Locke con il suo lavoro presenta un’analisi dei limiti, delle condizioni e delle possibilità
effettive della conoscenza umana. Tale analisi trae ispirazione dalla tradizione empiristica
della filosofia inglese (Ockham, Bacone ed Hobbes), tradizione in cui Locke innesta alcuni
capisaldi della filosofia cartesiana e soprattutto il principio secondo cui l’unico oggetto del
pensiero umano è l’idea. La tesi più appariscente di tale autore è che le idee derivano
dall’esperienza e che perciò l’esperienza è il limite invalicabile d’ogni conoscenza possibile.
Il termine “idea” ha oggi l’accezione che Cartesio e Locke le hanno dato, ma è noto che il
dibattito su questa parola trova le sue radici in Platone.

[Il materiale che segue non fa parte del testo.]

Lemma orthogonal_pos_sign_change (R : realDomainType) n (xi v : 'I_n -> R) :
  (forall i, 0 < xi i) -> \sum_(i < n) xi i * v i = 0 -> (exists i, v i != 0) ->
  (exists i, 0 < v i) /\ (exists j, v j < 0).
Proof.
move=> xi_gt0 orth [i0 vi0_neq0]; split; first by apply: orthogonal_pos_has_pos => //; exists i0.
have orthN : \sum_(i < n) xi i * - v i = 0.
  by under eq_bigr do rewrite mulrN; rewrite sumrN orth oppr0.
have [|j] := orthogonal_pos_has_pos xi_gt0 orthN; first by exists i0; rewrite oppr_eq0.
by exists j; rewrite -oppr_gt0.
Qed.

Lemma compact_face_parallel_sign_change (R : realType) n
    (Delta E : ('I_n -> R) -> Prop) (c : 'I_n -> int) :
  compact_face Delta E -> parallel_to c E -> (exists i, 0 < c i) /\ (exists j, c j < 0).
Proof.
case=> xi [xi_gt0 faceE] [a [b [Ea Eb a_neq_b [t ba_tc]]]].
have [[Da min_a] [Db min_b]] := conj ((faceE a).1 Ea) ((faceE b).1 Eb).
have orth_tc : \sum_(i < n) xi i * (t * (c i)%:~R) = 0.
  have dot_ab : dotR xi a = dotR xi b by apply/eqP; rewrite eq_le min_a ?min_b.
  transitivity (dotR xi b - dotR xi a); last by rewrite dot_ab subrr.
  by rewrite /dotR -sumrB; apply: eq_bigr => i _; rewrite -ba_tc mulrBr.
have tc_nz : exists i, t * (c i)%:~R != 0.
  case: (boolP [exists i, t * (c i)%:~R != 0]) => [/existsP // | /existsPn tc0].
  case: a_neq_b; apply: boolp.funext => i.
  by apply/eqP; rewrite eq_sym -subr_eq0 ba_tc; apply/negPn.
have [[i ci] [j cj]] := orthogonal_pos_sign_change xi_gt0 orth_tc tc_nz.
have [t_lt0 | t_gt0 | t0] := ltgtP t 0; last by move: ci; rewrite t0 mul0r ltxx.
- by split; [exists j; move: cj; rewrite nmulr_rlt0 // ltr0z
             | exists i; move: ci; rewrite nmulr_rgt0 // ltrz0].
- by split; [exists i; move: ci; rewrite pmulr_rgt0 // ltr0z
             | exists j; move: cj; rewrite pmulr_rlt0 // ltrz0].
Qed.

Lemma int_vector_bezout n (c : 'I_n -> int) :
  exists g (u : 'I_n -> int), (forall i, (g %| c i)%Z) /\ \sum_(i < n) u i * c i = g.
Proof.
elim: n c => [|n IHn] c; first by exists 0, (fun _ => 0); split; [case | rewrite big_ord0].
have [g [u [g_dvd sum_u]]] := IHn (fun i => c (lift ord0 i)).
have [a [b bezout_ab]] := Bezoutz g (c ord0).
exists (gcdz g (c ord0)), (fun i => if unlift ord0 i is Some j then a * u j else b); split.
  move=> i; case: (unliftP ord0 i) => [j ->|->]; last exact: dvdz_gcdr.
  exact: dvdz_trans (dvdz_gcdl _ _) (g_dvd j).
rewrite big_ord_recl /= unlift_none -bezout_ab -sum_u mulr_sumr addrC; congr (_ + _).
by apply: eq_bigr => j _; rewrite liftK mulrA.
Qed.

Lemma primitive_bezout n (c : 'I_n -> int) :
  primitive c -> exists u : 'I_n -> int, \sum_(i < n) u i * c i = 1.
Proof.
move=> prim_c; have [g [u [g_dvd sum_u]]] := int_vector_bezout c.
exists (fun i => g * u i); under eq_bigr do rewrite -mulrA.
by rewrite -mulr_sumr sum_u; have := prim_c g g_dvd; lia.
Qed.

Definition zweight n k (xi : 'I_k -> 'I_n -> nat) (g : 'I_n -> int) (i : 'I_k) : int :=
  \sum_(j < n) (xi i j)%:Z * g j.

Lemma zweightD n k (xi : 'I_k -> 'I_n -> nat) (g h : 'I_n -> int) i :
  zweight xi (fun j => g j + h j) i = zweight xi g i + zweight xi h i.
Proof. by rewrite /zweight -big_split; apply: eq_bigr => j _; rewrite mulrDr. Qed.

Lemma has_weightE n (xi : 'I_n.-1 -> 'I_n -> nat) (m : 'X_{1..n}) (w : 'I_n.-1 -> nat) :
  has_weight xi m w <-> forall i, zweight xi (fun j => (m j)%:Z) i = (w i)%:Z.
Proof.
have weightE i : ((\sum_(j < n) xi i j * m j)%N)%:Z = zweight xi (fun j => (m j)%:Z) i.
  by rewrite raddf_sum; apply: eq_bigr => j _; rewrite /= PoszM.
by split=> m_w i; [rewrite -weightE m_w | apply/eqP; rewrite -eqz_nat weightE m_w].
Qed.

La scelta cartesiana del termine
“idea”, per indicare un semplice contenuto della mente e del pensiero umano, segna la totale
dimenticanza dell’antica problematica metafisica dell’Idea. L’accordo tra Locke e Cartesio
si ruppe quando questi si schierò a favore delle idee innate, mentre il primo sostenne la tesi
che le idee derivano sempre e solo dall’esperienza, riprendendo l’antica tesi dell’anima
come “tabula rasa”, in cui solo l’esperienza vi scrive i contenuti.
Vita
Locke visse nel periodo della prima rivoluzione inglese e della decapitazione di Carlo I.
Studiò ed insegnò ad Oxford; si occupò di studi naturali, di medicina, d’economia e di
politica. Partecipò attivamente alla vita politica e nonostante la sua prudenza cadde in
sospetto, decidendo per questo di andare in esilio volontario in Olanda. Qui prese parte ai
preparativi della spedizione di Guglielmo d’Orange. Tornato in Inghilterra, al seguito della
moglie di Guglielmo, la sua autorità divenne grandissima, essendo egli considerato come il
rappresentante intellettuale del nuovo regime.

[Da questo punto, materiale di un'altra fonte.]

Definition dS (F G : R -> R -> R4) (s v : R) : Prop :=
  derivable_pt_lim (fun t => c1 (F t v)) s (c1 (G s v)) /\
  derivable_pt_lim (fun t => c2 (F t v)) s (c2 (G s v)) /\
  derivable_pt_lim (fun t => c3 (F t v)) s (c3 (G s v)) /\
  derivable_pt_lim (fun t => c4 (F t v)) s (c4 (G s v)).

Definition dV (F G : R -> R -> R4) (s v : R) : Prop :=
  derivable_pt_lim (fun t => c1 (F s t)) v (c1 (G s v)) /\
  derivable_pt_lim (fun t => c2 (F s t)) v (c2 (G s v)) /\
  derivable_pt_lim (fun t => c3 (F s t)) v (c3 (G s v)) /\
  derivable_pt_lim (fun t => c4 (F s t)) v (c4 (G s v)).

(* N is a unit normal to the surface at p (with tangent vectors Fs, Fv) which is
   tangent to H^2 x R at p:  <N, (p1,p2,p3,0)> = 0. *)
Definition unit_normal_HxR (p Fs Fv N : R4) : Prop :=
  - c1 N * c1 p + c2 N * c2 p + c3 N * c3 p = 0 /\
  lor N Fs = 0 /\ lor N Fv = 0 /\ lor N N = 1.

Definition ext_curvature_const (F : R -> R -> R4) (D : R -> R -> Prop) (K0 : R) : Prop :=
  exists Fs Fv Fss Fsv Fvv : R -> R -> R4,
    (forall s v, D s v ->
       dS F Fs s v /\ dV F Fv s v /\ dS Fs Fss s v /\ dS Fv Fsv s v /\ dV Fv Fvv s v) /\
    (forall s v N, D s v -> unit_normal_HxR (F s v) (Fs s v) (Fv s v) N ->
       let E := lor (Fs s v) (Fs s v) in
       let Fm := lor (Fs s v) (Fv s v) in
       let G := lor (Fv s v) (Fv s v) in
       let e := lor (Fss s v) N in
       let f := lor (Fsv s v) N in
       let g := lor (Fvv s v) N in
       (e * g - f * f) / (E * G - Fm * Fm) = K0).

Definition reflect_slice (h0 : R) (p : R4) : R4 :=
  mkR4 (c1 p) (c2 p) (c3 p) (2 * h0 - c4 p).

Definition hint (K w : R) : R :=
  sqrt (1 - w ^ 2) / sqrt (1 - exp (- ((1 - w ^ 2) / K))).

(* Let u = k' be the slope of the unit-speed profile (k(s), h(s)).
   - For a rotational surface, the second fundamental form along the
     meridian v = 0 gives extrinsic curvature - u' / tanh k; constant
     curvature K is therefore the ODE  u' = - K tanh k  (rotational_profile_ode).
   - u^2 + 2K ln cosh k is then a first integral; its value 1 is read off at
     the pole s = 0 (energy).  This gives the formula for k, the strict
     decrease of u, and h' > 0, hence embeddedness (psi_embedded).
   - With G a primitive of the continuous even extension of the integrand
     [hint], h + G(u)/K has zero derivative (h_formula), which is the
     formula for h.
   - G(u) + G(-u) = 2 G(0) makes the change u -> -u the reflection in the
     slice x4 = h0 (profile_reflection). *)

From Stdlib Require Import Reals ZArith Lra Lia Psatz.
From Stdlib Require Import RList RiemannInt_SF Ranalysis5.
Open Scope R_scope.

Lemma cosh_sq_sub_sinh_sq x : cosh x ^ 2 - sinh x ^ 2 = 1.
Proof.
  unfold cosh, sinh.
  assert (H : exp x * exp (- x) = 1).
  { rewrite <- exp_plus. replace (x + - x) with 0 by ring. apply exp_0. }
  set (a := exp x) in *; set (b := exp (- x)) in *.
  unfold Rdiv. nra.
Qed.

Lemma cosh_pos x : 0 < cosh x.
Proof. unfold cosh. generalize (exp_pos x) (exp_pos (- x)). lra. Qed.

Lemma sinh_pos x : 0 < x -> 0 < sinh x.
Proof. intro H. rewrite <- sinh_0. apply sinh_lt. exact H. Qed.

Lemma ln_cosh_nonneg x : 0 <= ln (cosh x).
Proof.
  assert (H : 1 <= cosh x) by (generalize (cosh_sq_sub_sinh_sq x) (cosh_pos x); nra).
  destruct H as [H|H].
  - left. rewrite <- ln_1. apply ln_increasing; lra.
  - rewrite <- H, ln_1. lra.
Qed.

Lemma ln_cosh_pos x : 0 < x -> 0 < ln (cosh x).
Proof.
  intro Hx. rewrite <- ln_1. apply ln_increasing; [lra|].
  generalize (cosh_sq_sub_sinh_sq x) (cosh_pos x) (sinh_pos x Hx). nra.
Qed.

Lemma arccosh_cosh x : 0 <= x -> arccosh (cosh x) = x.
Proof.
  intro H. unfold arccosh.
  replace (cosh x ^ 2 - 1) with (sinh x ^ 2) by (generalize (cosh_sq_sub_sinh_sq x); lra).
  rewrite sqrt_pow2.
  - replace (cosh x + sinh x) with (exp x) by (unfold cosh, sinh; field). apply ln_exp.
  - destruct H as [H|<-]; [left; apply sinh_pos; exact H | rewrite sinh_0; lra].
Qed.

Lemma cos_sin_eq_angle a b : cos a = cos b -> sin a = sin b ->
  exists n : Z, a = b + 2 * IZR n * PI.
Proof.
  intros Hc Hs.
  assert (H1 : cos (a - b) = 1).
  { rewrite cos_minus, Hc, Hs. generalize (sin2_cos2 b). unfold Rsqr. lra. }
  set (x := (a - b) / 2).
  assert (H2 : sin x = 0).
  { assert (E := cos_2a_sin x). replace (2 * x) with (a - b) in E by (unfold x; field).
    rewrite H1 in E. nra. }
  destruct (sin_eq_0_0 x H2) as [n Hn]. exists n. unfold x in Hn. lra.
Qed.

(* The library rules for derivatives are stated with [plus_fct], [comp], ...;
   these restatements on lambda-terms apply directly by unification. *)
Lemma deriv_value f x l l' : derivable_pt_lim f x l -> l = l' -> derivable_pt_lim f x l'.
Proof. intros H <-. exact H. Qed.

Lemma deriv_const c x : derivable_pt_lim (fun _ => c) x 0.
Proof. exact (derivable_pt_lim_const c x). Qed.

Lemma deriv_id x : derivable_pt_lim (fun t => t) x 1.
Proof. exact (derivable_pt_lim_id x). Qed.

Lemma deriv_plus f g x a b : derivable_pt_lim f x a -> derivable_pt_lim g x b ->
  derivable_pt_lim (fun t => f t + g t) x (a + b).
Proof. intros H1 H2. exact (derivable_pt_lim_plus f g x a b H1 H2). Qed.

Lemma deriv_minus f g x a b : derivable_pt_lim f x a -> derivable_pt_lim g x b ->
  derivable_pt_lim (fun t => f t - g t) x (a - b).
Proof. intros H1 H2. exact (derivable_pt_lim_minus f g x a b H1 H2). Qed.

Lemma deriv_opp f x a : derivable_pt_lim f x a -> derivable_pt_lim (fun t => - f t) x (- a).
Proof. intro H. exact (derivable_pt_lim_opp f x a H). Qed.

Lemma deriv_mult f g x a b : derivable_pt_lim f x a -> derivable_pt_lim g x b ->
  derivable_pt_lim (fun t => f t * g t) x (a * g x + f x * b).
Proof. intros H1 H2. exact (derivable_pt_lim_mult f g x a b H1 H2). Qed.

Lemma deriv_div f g x a b : derivable_pt_lim f x a -> derivable_pt_lim g x b -> g x <> 0 ->
  derivable_pt_lim (fun t => f t / g t) x ((a * g x - b * f x) / g x ^ 2).
Proof.
  intros H1 H2 H3. replace (g x ^ 2) with (Rsqr (g x)) by (unfold Rsqr; ring).
  exact (derivable_pt_lim_div f g x a b H1 H2 H3).
Qed.

Lemma deriv_comp f g x a b : derivable_pt_lim f x a -> derivable_pt_lim g (f x) b ->
  derivable_pt_lim (fun t => g (f t)) x (b * a).
Proof. intros H1 H2. exact (derivable_pt_lim_comp f g x a b H1 H2). Qed.

Lemma deriv_square f x a : derivable_pt_lim f x a ->
  derivable_pt_lim (fun t => f t ^ 2) x (2 * f x * a).
Proof.
  intro H. eapply deriv_value.
  - apply (deriv_comp f (fun y => y ^ 2)); [exact H | apply derivable_pt_lim_pow].
  - simpl. ring.
Qed.

Lemma deriv_continuity f x a : derivable_pt_lim f x a -> continuity_pt f x.
Proof. intro H. apply derivable_continuous_pt. exists a. exact H. Qed.

Lemma cont_plus f g x : continuity_pt f x -> continuity_pt g x ->
  continuity_pt (fun t => f t + g t) x.
Proof. intros H1 H2. exact (continuity_pt_plus f g x H1 H2). Qed.

Lemma cont_minus f g x : continuity_pt f x -> continuity_pt g x ->
  continuity_pt (fun t => f t - g t) x.
Proof. intros H1 H2. exact (continuity_pt_minus f g x H1 H2). Qed.

Lemma cont_mult f g x : continuity_pt f x -> continuity_pt g x ->
  continuity_pt (fun t => f t * g t) x.
Proof. intros H1 H2. exact (continuity_pt_mult f g x H1 H2). Qed.

Lemma cont_const c x : continuity_pt (fun _ => c) x.
Proof. exact (continuity_pt_const (fun _ => c) x (fun _ _ => eq_refl)). Qed.

Lemma cont_comp f g x : continuity_pt f x -> continuity_pt g (f x) ->
  continuity_pt (fun t => g (f t)) x.
Proof. intros H1 H2. exact (continuity_pt_comp f g x H1 H2). Qed.

(* continuity in epsilon-delta form, without the side condition x <> x0 *)
Lemma continuity_pt_eps f x0 : continuity_pt f x0 <->
  forall eps, 0 < eps -> exists d, 0 < d /\
    forall x, Rabs (x - x0) < d -> Rabs (f x - f x0) < eps.
Proof.
  split.
  - intros Hc eps He. destruct (Hc eps He) as [d [Hd Hd']].
    exists d; split; [lra|]. intros x Hx.
    destruct (Req_dec x0 x) as [<-|Hne].
    + replace (f x0 - f x0) with 0 by ring. rewrite Rabs_R0; lra.
    + apply (Hd' x). split; [split; [exact I | exact Hne] | exact Hx].
  - intros H eps He. destruct (H eps He) as [d [Hd Hd']].
    exists d; split; [lra|]. intros x [_ Hx]. apply Hd'. exact Hx.
Qed.

Lemma null_derivative_const f a b : a <= b ->
  (forall x, a < x < b -> derivable_pt_lim f x 0) ->
  (forall x, a <= x <= b -> continuity_pt f x) ->
  forall x, a <= x <= b -> f x = f a.
Proof.
  intros _ Hd Hc x Hx.
  apply (null_derivative_loc f a b (fun y Hy => exist _ 0 (Hd y Hy)) Hc); auto.
Qed.

Lemma null_derivative_open f a b : (forall x, a < x < b -> derivable_pt_lim f x 0) ->
  forall x y, a < x < b -> a < y < b -> f x = f y.
Proof.
  intros Hd.
  assert (Hle : forall x y, a < x < b -> a < y < b -> x <= y -> f y = f x).
  { intros x y Hx Hy Hxy. apply (null_derivative_const f x y Hxy); try lra.
    - intros z Hz. apply Hd. lra.
    - intros z Hz. apply (deriv_continuity f z 0), Hd. lra. }
  intros x y Hx Hy. destruct (Rle_dec x y).
  - symmetry. apply Hle; auto.
  - apply Hle; auto; lra.
Qed.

La dottrina lockiana delle idee
ed il suo impianto generale
L’esperienza ci fornisce le idee semplici, chiare, distinte ed indefinibili; esse si impongono
senza che noi abbiamo alcun potere: neppure la mente più potente può inventarne o
distruggerne una, qui è il limite insuperabile dell’intelletto umano.
L’esperienza è di due tipi:
1)
sperimentiamo oggetti sensibili esterni, da cui derivano le idee di sensazione;
2)
sperimentiamo le operazioni interne del nostro spirito ed i moti del nostro animo, da
cui derivano le idee di riflessione.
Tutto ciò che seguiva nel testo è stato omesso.